It’s gone cold again, as the weakening jet stream brings more Arctic weather south of where it should. Temperatures here are dipping to 7ºC (feels like 0ºC), but in California again temperatures are plummeting to -18ºC as ice storms bring snow and flooding to a region already hammered by ‘once in a lifetime’ weather events over the course of winter. Here, I worry about the frogs, about the bumblebees I have already seen out of hibernation, about the hedgehogs. Again, the up-and-down cycle of mild then cold weather is no good for wildlife. If we have a deep freeze, how will I protect the frogspawn?

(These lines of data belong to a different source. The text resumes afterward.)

(* Let $G$ be a perfect matching on $n=pq$ vertices $u_iw_j$ ($1\le i\le p$, $1\le j\le q$; $n$ even). Then $\Delta(G)=\Delta(G^{\Gamma_B})$ if and only if $G^{\Gamma_B}$ is a perfect matching. Moreover, if this holds, then the subgraph $G_2$ of $G$ consisting of its entangled edges and the subgraph $G_4$ of $G^{\Gamma_B}$ consisting of its entangled edges have the same set of non-isolated vertices, i.e. both are perfect entangling matchings on the same vertex subset. In particular, a perfect entangling matching $G$ on these vertices satisfies $\Delta(G)=\Delta(G^{\Gamma_B})$ iff $G^{\Gamma_B}$ is also a perfect entangling matching.
   Context: A perfect matching is a simple graph in which every vertex lies in exactly one edge. An edge $\{u_iw_j,u_{i'}w_{j'}\}$ is entangled if $i\ne i'$ and $j\ne j'$, and unentangled otherwise. A perfect entangling matching (on a vertex set) is a perfect matching all of whose edges are entangled. $\Delta(G)$ denotes the diagonal degree matrix. The partial transpose $G^{\Gamma_B}$ has the same vertex set, and $\{u_iw_j,u_kw_l\}$ is an edge of $G^{\Gamma_B}$ iff $\{u_iw_l,u_kw_j\}$ is an edge of $G$. *)

From mathcomp Require Import all_boot.
Set Implicit Arguments. Unset Strict Implicit. Unset Printing Implicit Defensive.

(* Vertices u_i w_j are pairs (i, j) : 'I_p * 'I_q.
   A simple graph on them is a symmetric irreflexive relation. *)
Section Defs.
Variables p q : nat.
Definition vtx := ('I_p * 'I_q)%type.

Definition simple_graph (e : rel vtx) : Prop :=
  symmetric e /\ irreflexive e.

Definition nbhd (e : rel vtx) (x : vtx) : {set vtx} := [set y | e x y].
Definition deg (e : rel vtx) (x : vtx) : nat := #|nbhd e x|.

(* Delta(G): the diagonal degree matrix, represented by its diagonal *)
Definition Delta (e : rel vtx) : {ffun vtx -> nat} := [ffun x => deg e x].

Definition perfect_matching (e : rel vtx) : Prop :=
  forall x, deg e x = 1%N.

Definition entangled (x y : vtx) : bool := (x.1 != y.1) && (x.2 != y.2).

Definition perfect_entangling_matching (e : rel vtx) : Prop :=
  perfect_matching e /\ (forall x y, e x y -> entangled x y).

Definition perfect_entangling_matching_on (e : rel vtx) (S : {set vtx}) : Prop :=
  [/\ forall x, x \in S -> deg e x = 1%N,
      forall x, x \notin S -> nbhd e x = set0
    & forall x y, e x y -> entangled x y].

(* partial transpose: {u_i w_j, u_k w_l} is an edge of G^Gamma_B iff
   {u_i w_l, u_k w_j} is an edge of G (and the two endpoints are distinct) *)
Definition ptrans (e : rel vtx) : rel vtx :=
  fun x y => (x != y) && e (x.1, y.2) (y.1, x.2).

Definition entangled_part (e : rel vtx) : rel vtx :=
  fun x y => e x y && entangled x y.
End Defs.

From mathcomp Require Import all_boot.
Set Implicit Arguments. Unset Strict Implicit. Unset Printing Implicit Defensive.

(* The partial transpose of a simple graph leaves its unentangled pairs
   untouched, so G and G^Gamma_B have the same unentangled edges. Since every
   degree of G is 1, Delta(G) = Delta(G^Gamma_B) just says that G^Gamma_B is a
   perfect matching. In a perfect matching a vertex lies on an entangled edge
   iff it has no unentangled neighbour, a condition that only involves the
   shared unentangled edges; hence the entangled parts of G and G^Gamma_B
   cover the same vertices. *)

Section PartialTranspose.
Variables p q : nat.
Implicit Types (e f : rel (vtx p q)) (x y : vtx p q).

Definition entangled_support e : {set vtx p q} :=
  [set x | [exists y, entangled_part e x y]].

Lemma deg_eq1P e x : deg e x = 1 -> exists w, forall y, e x y = (y == w).
Proof.
move=> /eqP /cards1P [w /setP Hw]; exists w => y.
by have := Hw y; rewrite !inE.
Qed.

Lemma ptrans_unentangled e x y :
  simple_graph e -> ~~ entangled x y -> ptrans e x y = e x y.
Proof.
case=> e_sym e_irr; case: x y => [a b] [c d]; rewrite /ptrans /entangled /=.
have [-> | neq_xy] := eqVneq (a, b) (c, d); first by rewrite e_irr.
by rewrite negb_and !negbK => /orP [] /eqP <-; rewrite // e_sym.
Qed.

Lemma Delta_eq_perfect_matching e f :
  perfect_matching e -> (Delta e = Delta f <-> perfect_matching f).
Proof.
move=> pm_e; split=> [/ffunP eq_deg x | pm_f].
  by have := eq_deg x; rewrite !ffunE pm_e.
by apply/ffunP => x; rewrite !ffunE pm_e pm_f.
Qed.

Lemma perfect_matching_entangled_support e x : perfect_matching e ->
  (x \in entangled_support e) = ~~ [exists y, e x y && ~~ entangled x y].
Proof.
move=> pm_e; have [w ew] := deg_eq1P (pm_e x).
rewrite inE; apply/existsP/existsPn => [[y] | no_unent].
  rewrite /entangled_part ew => /andP [/eqP -> ent_xw] z.
  by rewrite ew; case: eqP => // ->; rewrite ent_xw.
by exists w; have := no_unent w; rewrite /entangled_part ew eqxx negbK.
Qed.

Lemma entangled_part_pem_on e : perfect_matching e ->
  perfect_entangling_matching_on (entangled_part e) (entangled_support e).
Proof.
move=> pm_e; split=> [x | x | x y /andP [] //].
  rewrite inE => /existsP [y]; have [w ew] := deg_eq1P (pm_e x).
  rewrite /entangled_part ew => /andP [/eqP -> ent_xw].
  rewrite /deg (_ : nbhd _ x = [set w]) ?cards1 //.
  by apply/setP => z; rewrite !inE /entangled_part ew; case: eqP => // ->.
rewrite inE => /existsPn no_ent; apply/setP => z; rewrite !inE.
exact: negbTE.
Qed.

Lemma entangled_support_ptrans e : simple_graph e ->
  perfect_matching e -> perfect_matching (ptrans e) ->
  entangled_support (ptrans e) = entangled_support e.
Proof.
move=> sg pm_e pm_pe; apply/setP => x.
rewrite !perfect_matching_entangled_support //; congr (~~ _).
apply/eq_existsb => y; case: (boolP (entangled x y)); first by rewrite !andbF.
by move=> unent; rewrite ptrans_unentangled.
Qed.

End PartialTranspose.

Theorem mainTheorem6 (p q : nat) (e : rel (vtx p q)) :
  simple_graph e -> perfect_matching e ->
  (Delta e = Delta (ptrans e) <-> perfect_matching (ptrans e)) /\
  (Delta e = Delta (ptrans e) ->
     exists S : {set vtx p q},
       perfect_entangling_matching_on (entangled_part e) S /\
       perfect_entangling_matching_on (entangled_part (ptrans e)) S) /\
  (perfect_entangling_matching e ->
     (Delta e = Delta (ptrans e) <-> perfect_entangling_matching (ptrans e))).
Proof.
move=> sg pm_e; have Delta_pm := Delta_eq_perfect_matching (ptrans e) pm_e.
split=> //; split.
  move=> /Delta_pm pm_pe; exists (entangled_support e).
  split; first exact: entangled_part_pem_on.
  rewrite -entangled_support_ptrans //; exact: entangled_part_pem_on.
case=> _ e_ent; split=> [/Delta_pm pm_pe | [/Delta_pm //]].
split=> // x y pe_xy; apply/negPn/negP => unent.
by move: (e_ent x y); rewrite -ptrans_unentangled // pe_xy (negbTE unent) => /(_ isT).
Qed.
(* Let $G=(V,E)$ be an acyclic finite directed graph, $\Gamma\subset V$ a subset containing all sinks and sources of $G$ with $V\setminus\Gamma\neq\emptyset$, and $z\in\mathrm{Sym}_d^\Gamma$. For $x\in\mathrm{Sym}_d^V(z)$, both $\phi_d(x)\to\infty$ and $\chi_d(x)\to\infty$ as $\|x\|\to\infty$, where $\|\cdot\|$ is any norm on $\mathrm{Sym}_d^V$.
   Context: Edges are ordered pairs $(v,w)$ with $v\neq w$, written $v\to w$; a sink has no outgoing edges, a source no incoming edges; acyclic means no directed cycles. $\mathrm{Sym}_d$ is the space of $d\times d$ real symmetric matrices, $\mathrm{Sym}_d^V$ arrays $x=(x_v)_{v\in V}$, and $\mathrm{Sym}_d^V(z)=\{x\in\mathrm{Sym}_d^V:x_v=z_v\ \forall v\in\Gamma\}$. $\phi_d(x)=\sum_{v\to w}\operatorname{tr}[e^{x_v}e^{-x_w}]$ and $\chi_d(x)=\sum_{v\to w}\operatorname{tr}[e^{x_v-x_w}]$ (matrix exponentials). *)

From HB Require Import structures.
From mathcomp Require Import all_boot all_order all_algebra.
From mathcomp Require Import all_classical all_reals all_analysis.
Set Implicit Arguments. Unset Strict Implicit. Unset Printing Implicit Defensive.
Import Order.TTheory GRing.Theory Num.Theory.
Import numFieldNormedType.Exports.
Local Open Scope ring_scope.

Definition expmx {R : realType} (d : nat) (A : 'M[R]_d) : 'M[R]_d :=
  limn (series (fun k : nat => (k`!%:R)^-1 *: A ^+ k)).

Definition symmx {R : realType} (d : nat) (A : 'M[R]_d) : Prop := A^T = A.

Definition loopless {V : finType} (E : rel V) : Prop := forall v, ~~ E v v.
Lemma has_deriv_within_sum (V : normedModType R) (I : Type) (r : seq I) (P : pred I)
    (F : I -> R -> V) A t (d : I -> V) :
  (forall i, P i -> has_deriv_within (F i) A t (d i)) ->
  has_deriv_within (fun s => \sum_(i <- r | P i) F i s) A t (\sum_(i <- r | P i) d i).
Proof.
move=> Fd; rewrite /has_deriv_within.
have -> : (fun s => (s - t)^-1 *: (\sum_(i <- r | P i) F i s - \sum_(i <- r | P i) F i t)) =
    (fun s => \sum_(i <- r | P i) (s - t)^-1 *: (F i s - F i t)).
  by apply/funext => s; rewrite -sumrB scaler_sumr.
by apply: cvg_big => //; exact: add_continuous.
Qed.

Lemma has_deriv_within_cvg (V : normedModType R) (f : R -> V) A t d :
  has_deriv_within f A t d -> f @ within (fun s => A s /\ s != t) (nbhs t) --> f t.
Proof.
move=> fd; set F := within _ _.
have E : {near F, (fun s => f t + (s - t) *: ((s - t)^-1 *: (f s - f t))) =1 f}.
  near=> s.
  have [_ st] : A s /\ s != t by near: s; apply: withinT.
  by rewrite scalerA mulfV ?subr_eq0 // scale1r addrC subrK.
apply: cvg_trans; first exact: near_eq_cvg E.
have dt0 : (fun s => s - t) @ nbhs t --> (0 : R).
  by rewrite -[X in _ --> X](subrr t); apply: cvgB; [exact: cvg_id | exact: cvg_cst].
have lim : (fun s => f t + (s - t) *: ((s - t)^-1 *: (f s - f t))) @ F --> f t + 0 *: d.
  by apply: cvgD; [exact: cvg_cst | exact: cvgZ (cvg_within_filter _ dt0) fd].
by rewrite scale0r addr0 in lim.
Unshelve. all: by end_near. Qed.

Lemma has_deriv_within_continuous (V : normedModType R) (f : R -> V) A (d : R -> V) :
  (forall t, A t -> has_deriv_within f A t (d t)) -> {within A, continuous f}.
Proof.
move=> fd; apply/subspace_continuousP => t At U /[dup] /nbhs_singleton Uft.
move=> /(has_deriv_within_cvg (fd t At)).
change ({near nbhs t, (fun s => A s /\ s != t) `<=` f @^-1` U} ->
  {near nbhs t, A `<=` f @^-1` U}).
apply: filterS => s Us As.
by case: (eqVneq s t) => [->|st]; [exact: Uft | exact: Us].
Qed.

Lemma shift_dnbhs_within (P : set R) t : (\forall s \near t, P s) ->
  (fun h => h + t) @ (0 : R)^' `=>` within (fun s => P s /\ s != t) (nbhs t).
Proof.
move=> Pt X Xt.
have shift_cvg : (fun h : R => h + t) @ nbhs (0 : R) --> t.
  by rewrite -[X in _ --> X](add0r t); apply: cvgD; [exact: cvg_id | exact: cvg_cst].
have : \forall h \near (0 : R), P (h + t) /\ (P (h + t) /\ h + t != t -> X (h + t)).
  exact: shift_cvg _ (filterI Pt Xt).
change ((\forall h \near (0 : R), P (h + t) /\ (P (h + t) /\ h + t != t -> X (h + t))) ->
  {near nbhs (0 : R), (fun h => h != 0) `<=` (fun h => X (h + t))}).
apply: filterS => h [Ph Xh] h0; apply: Xh; split => //.
by rewrite -subr_eq0 addrK.
Qed.

Lemma has_deriv_within_is_derive (f : R -> R) a b t d : a < t < b ->
  has_deriv_within f [set s | a <= s <= b] t d -> is_derive t 1 f d.
Proof.
move=> abt fd.
have quotient_cvg : (fun h : R => h^-1 *: ((f \o shift t) (h *: 1) - f t)) @ (0 : R)^' --> d.
  have -> : (fun h : R => h^-1 *: ((f \o shift t) (h *: 1) - f t)) =
      (fun s => (s - t)^-1 *: (f s - f t)) \o (fun h => h + t).
    by apply/funext => h /=; rewrite addrK /shift /= [h *: 1]mulr1.
  have near_I : \forall s \near t, a <= s <= b.
    have := near_in_itvoo (a := a) (b := b) (x := t).
    rewrite in_itv /= abt => /(_ isT).
    by apply: filterS => s; rewrite in_itv /= => /andP[/ltW -> /ltW ->].
  exact: cvg_comp (shift_dnbhs_within near_I) fd.
apply: DeriveDef; first exact: cvgP quotient_cvg.
exact: cvg_lim quotient_cvg.
Qed.

Lemma has_deriv_within_quotient (P G U : R -> R) A t dP dG :
  A t -> (forall s, A s -> P s = G s * U s) -> (forall s, A s -> G s != 0) ->
  has_deriv_within P A t dP -> has_deriv_within G A t dG ->
  has_deriv_within U A t ((dP - U t * dG) / G t).
Proof.
move=> At PGU G_neq0 dPt dGt; rewrite /has_deriv_within.
set F := within _ _.
have E : {near F, (fun s => ((s - t)^-1 *: (P s - P t)
      - U t * ((s - t)^-1 *: (G s - G t))) / G s) =1
    (fun s => (s - t)^-1 *: (U s - U t))}.
  near=> s.
  have [As st] : A s /\ s != t by near: s; apply: withinT.
  have Gs := G_neq0 s As; have st0 : s - t != 0 by rewrite subr_eq0.
  rewrite /= !PGU // /GRing.scale /=.
  by field; rewrite Gs st0.
apply: cvg_trans; first exact: near_eq_cvg E.
apply: cvgM; last exact: cvgV (G_neq0 t At) (has_deriv_within_cvg dGt).
by apply: cvgB => //; apply: cvgM => //; exact: cvg_cst.
Unshelve. all: by end_near. Qed.

End HasDerivWithin.

Section LinearODE.
Context {R : realType}.
Variables (S Z : R -> R) (a b K : R).
Hypothesis S_deriv : forall s, a <= s <= b ->
  has_deriv_within S [set s | a <= s <= b] s (S s * Z s).
Hypothesis Z_bounded : forall s, a <= s <= b -> `|Z s| <= K.

Lemma linear_ode_weighted_sqr_nincr :
  {in `[a, b] &, {homo (fun s => S s ^+ 2 * expR (- (2 * K) * s)) : x y /~ x <= y}}.
Proof.
pose e (s : R) := expR (- (2 * K) * s).
have e_deriv (x : R) : is_derive x 1 e (e x * - (2 * K)).
  apply: is_derive1_comp.
  apply: is_derive_eq (is_deriveZ (- (2 * K)) (is_derive_id x (1 : R))) _.
  by rewrite [LHS]mulr1.
have W_deriv (x : R) : a < x < b ->
    is_derive x 1 (S ^+ 2 * e) (2 * S x ^+ 2 * e x * (Z x - K)).
  move=> /[dup] axb /andP[ax xb].
  have Ix : a <= x <= b by rewrite (ltW ax) (ltW xb).
  have dS := has_deriv_within_is_derive axb (S_deriv Ix).
  apply: is_derive_eq (is_deriveM (is_deriveX 2 dS) (e_deriv x)) _.
  rewrite exprfctE /GRing.scale /= expr1; ring.
apply: ler0_derive1_le_cc.
- by move=> x; rewrite in_itv /= => /W_deriv W'x; exact: ex_derive.
- move=> x; rewrite in_itv /= => /[dup] /W_deriv W'x /andP[ax xb].
  rewrite derive1E derive_val.
  have Ix : a <= x <= b by rewrite (ltW ax) (ltW xb).
  have Zx : Z x <= K := le_trans (ler_norm _) (Z_bounded Ix).
  apply: mulr_ge0_le0; last by rewrite subr_le0.
  by apply: mulr_ge0; [apply: mulr_ge0; [| exact: sqr_ge0] | exact: expR_ge0].
- rewrite set_itvcc; apply/subspace_continuousP => x Ix.
  have Sx : S s @[s --> within [set s | a <= s <= b] (nbhs x)] --> S x.
    by move/subspace_continuousP: (has_deriv_within_continuous S_deriv); apply.
  have e_cont : continuous e.
    move=> y; apply: continuous_comp; last exact: continuous_expR.
    by apply: cvgM; [exact: cvg_cst | exact: cvg_id].
  by apply: cvgM; [rewrite expr2; exact: cvgM | exact: cvg_within_filter (e_cont x)].
Qed.

Lemma linear_ode_neq0 : S b != 0 -> forall s, a <= s <= b -> S s != 0.
Proof.
move=> Sb_neq0 s /[dup] Is /andP[le_as le_sb]; apply: contra_neq Sb_neq0 => Ss0.
have Ib : b \in `[a, b] by rewrite in_itv /= lexx (le_trans le_as le_sb).
have := linear_ode_weighted_sqr_nincr Ib (_ : s \in `[a, b]) le_sb.
rewrite in_itv /= Is Ss0 expr0n /= mul0r => /(_ isT) W_le0.
have : S b ^+ 2 * expR (- (2 * K) * b) == 0.
  by rewrite eq_le W_le0 mulr_ge0 ?sqr_ge0 ?expR_ge0.
by rewrite mulf_eq0 (gt_eqF (expR_gt0 _)) orbF sqrf_eq0 => /eqP.
Qed.

End LinearODE.

Lemma within_itvcc_continuous_bounded {R : realType} (f : R -> R) (a b : R) :
  {within [set s | a <= s <= b], continuous f} ->
  exists K, forall s, a <= s <= b -> `|f s| <= K.
Proof.
move=> f_cont; have [le_ab|lt_ba] := leP a b; last first.
  by exists 0 => s /andP[le_as /(le_trans le_as)]; rewrite leNgt lt_ba.
have norm_cont : {within `[a, b], continuous (fun s => `|f s|)}.
  rewrite set_itvcc; apply/subspace_continuousP => x Ix; apply: cvg_norm.
  by move/subspace_continuousP: f_cont; apply.
have [c _ c_max] := EVT_max le_ab norm_cont.
by exists `|f c| => s Is; apply: c_max; rewrite in_itv.
Qed.

Section LagrangianPartials.
Context {R : realType} {n m : nat}.
Variable L : 'rV[R]_n -> 'rV[R]_n -> 'rV[R]_m -> R.

Lemma dLzE i q u z :
  dLz L i q u z = 'D_((0, 0), delta_mx 0 i) (uncurryL L) ((q, u), z).
Proof.
rewrite /dLz /derive; do 2 f_equal; apply/funext => h.
by rewrite /uncurryL /shift /= !scaler0 !add0r.
Qed.

Lemma smooth_continuous_dLz i : smooth (uncurryL L) ->
  continuous (fun x : ('rV[R]_n * 'rV[R]_n) * 'rV[R]_m => dLz L i x.1.1 x.1.2 x.2).
Proof.
move=> L_smooth [[q u] z]; under eq_fun do rewrite dLzE.
exact: (L_smooth [:: ((0, 0), delta_mx 0 i)]).1.
Qed.

Lemma within_continuous_sum_dLz (A : set R) (q u : R -> 'rV[R]_n) (z : R -> 'rV[R]_m) :
  smooth (uncurryL L) -> {within A, continuous q} -> {within A, continuous u} ->
  {within A, continuous z} ->
  {within A, continuous (fun s => \sum_(i < m) dLz L i (q s) (u s) (z s))}.
Proof.
move=> L_smooth /subspace_continuousP q_cont /subspace_continuousP u_cont
  /subspace_continuousP z_cont.
apply/subspace_continuousP => t At.
apply: cvg_big => // [|i _]; first exact: add_continuous.
have curve_cont : (fun s => ((q s, u s), z s)) @ within A (nbhs t) --> ((q t, u t), z t).
  exact: cvg_pair (cvg_pair (q_cont t At) (u_cont t At)) (z_cont t At).
have dLz_cont := smooth_continuous_dLz (i := i) L_smooth.
exact: cvg_comp curve_cont (dLz_cont ((q t, u t), z t)).
Qed.

End LagrangianPartials.

Theorem mainTheorem8 (R : realType) (n m : nat) (hn : (0 < n)%N) (hm : (0 < m)%N)
  (L : 'rV[R]_n -> 'rV[R]_n -> 'rV[R]_m -> R) (hL : smooth (uncurryL L))
  (t0 t1 : R) (ht : t0 < t1)
  (q qd qdd : R -> 'rV[R]_n) (z zd : R -> 'rV[R]_m)
  (p pd : R -> 'rV[R]_n) (mu mud : R -> 'rV[R]_m) :
  let I := [set t : R | t0 <= t <= t1] in
  (* q is C^2 on [t0,t1], with first and second derivatives qd, qdd *)
  (forall t, I t -> has_deriv_within q I t (qd t)) ->
  (forall t, I t -> has_deriv_within qd I t (qdd t)) ->
  {within I, continuous qdd} ->
  (* z, p, mu are C^1 on [t0,t1], with derivatives zd, pd, mud *)
  (forall t, I t -> has_deriv_within z I t (zd t)) -> {within I, continuous zd} ->
  (forall t, I t -> has_deriv_within p I t (pd t)) -> {within I, continuous pd} ->
  (forall t, I t -> has_deriv_within mu I t (mud t)) -> {within I, continuous mud} ->
  (* the Pontryagin conditions *)
  (forall t, I t -> forall i : 'I_m, zd t 0 i = L (q t) (qd t) (z t)) ->
  (forall t, I t -> forall k : 'I_n,
     pd t 0 k = - (\sum_(i < m) mu t 0 i) * dLq L k (q t) (qd t) (z t)) ->
  (forall t, I t -> forall i : 'I_m,
     mud t 0 i = - (\sum_(j < m) mu t 0 j) * dLz L i (q t) (qd t) (z t)) ->
  (forall t, I t -> forall k : 'I_n,
     p t 0 k = - (\sum_(i < m) mu t 0 i) * dLu L k (q t) (qd t) (z t)) ->
  (forall i : 'I_m, mu t1 0 i = 1) ->
  (* the m-contact Herglotz equations *)
  forall k : 'I_n, forall t, I t ->
    has_deriv_within (fun s => dLu L k (q s) (qd s) (z s)) I t
      (dLq L k (q t) (qd t) (z t)
       + (\sum_(i < m) dLz L i (q t) (qd t) (z t)) * dLu L k (q t) (qd t) (z t)).
Proof.
move=> I dq dqd _ dz _ dp _ dmu _ _ Epd Emud Ep Emu1 k t It.
set S := fun s => \sum_(i < m) mu s 0 i.
set Z := fun s => \sum_(i < m) dLz L i (q s) (qd s) (z s).
have dS s : I s -> has_deriv_within S I s (S s * - Z s).
  move=> Is; have -> : S s * - Z s = \sum_(i < m) mud s 0 i.
    by rewrite (eq_bigr _ (fun i _ => Emud s Is i)) -mulr_sumr mulrN mulNr.
  by apply: has_deriv_within_sum => i _; exact: has_deriv_within_entry (dmu s Is).
have [K Z_bounded] : exists K, forall s, I s -> `|Z s| <= K.
  apply: within_itvcc_continuous_bounded.
  exact: within_continuous_sum_dLz hL (has_deriv_within_continuous dq)
    (has_deriv_within_continuous dqd) (has_deriv_within_continuous dz).
have S_neq0 : forall s, I s -> S s != 0.
  apply: (linear_ode_neq0 (K := K) dS) => [s /Z_bounded|]; first by rewrite normrN.
  rewrite /S /= (eq_bigr (fun=> 1)) => [|i _]; last exact: Emu1.
  by rewrite sumr_const card_ord pnatr_eq0 -lt0n.
set U := fun s => dLu L k (q s) (qd s) (z s).
have pSU s : I s -> - p s 0 k = S s * U s by move=> Is; rewrite Ep // mulNr opprK.
have := has_deriv_within_quotient It pSU S_neq0
  (has_deriv_withinN (has_deriv_within_entry (i := 0) (j := k) (dp t It))) (dS t It).
suff -> : (- pd t 0 k - U t * (S t * - Z t)) / S t =
  dLq L k (q t) (qd t) (z t) + Z t * U t by [].
rewrite Epd // -/(S t); field; exact: S_neq0.
Qed.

There would be a lot to protect; the frogs have almost completely filled the pond now. I’ve lost count of the number of blobs and there’s no way of knowing, congealed together as they are. After seven days there are still around 50 individuals going at it, with yet more arriving to the garden. I watch them land in the pond with a muted splash and then burrow through spawn to reach water. Mated females have left the pond already but many of the males have stuck around. This means there are now more males than females, which means mating balls are starting to form. Mating balls occur when two or more males cling to a female in the hope of being the one that gets to spawn with her. Science suggests this could be in the female’s best interests, as only the strongest, most determined male will win, and she may even encourage them to compete for her. But it often backfires: in an attempt to unseat their rivals, the males make the ‘ball’ roll around and around, often with long periods under water. She can drown.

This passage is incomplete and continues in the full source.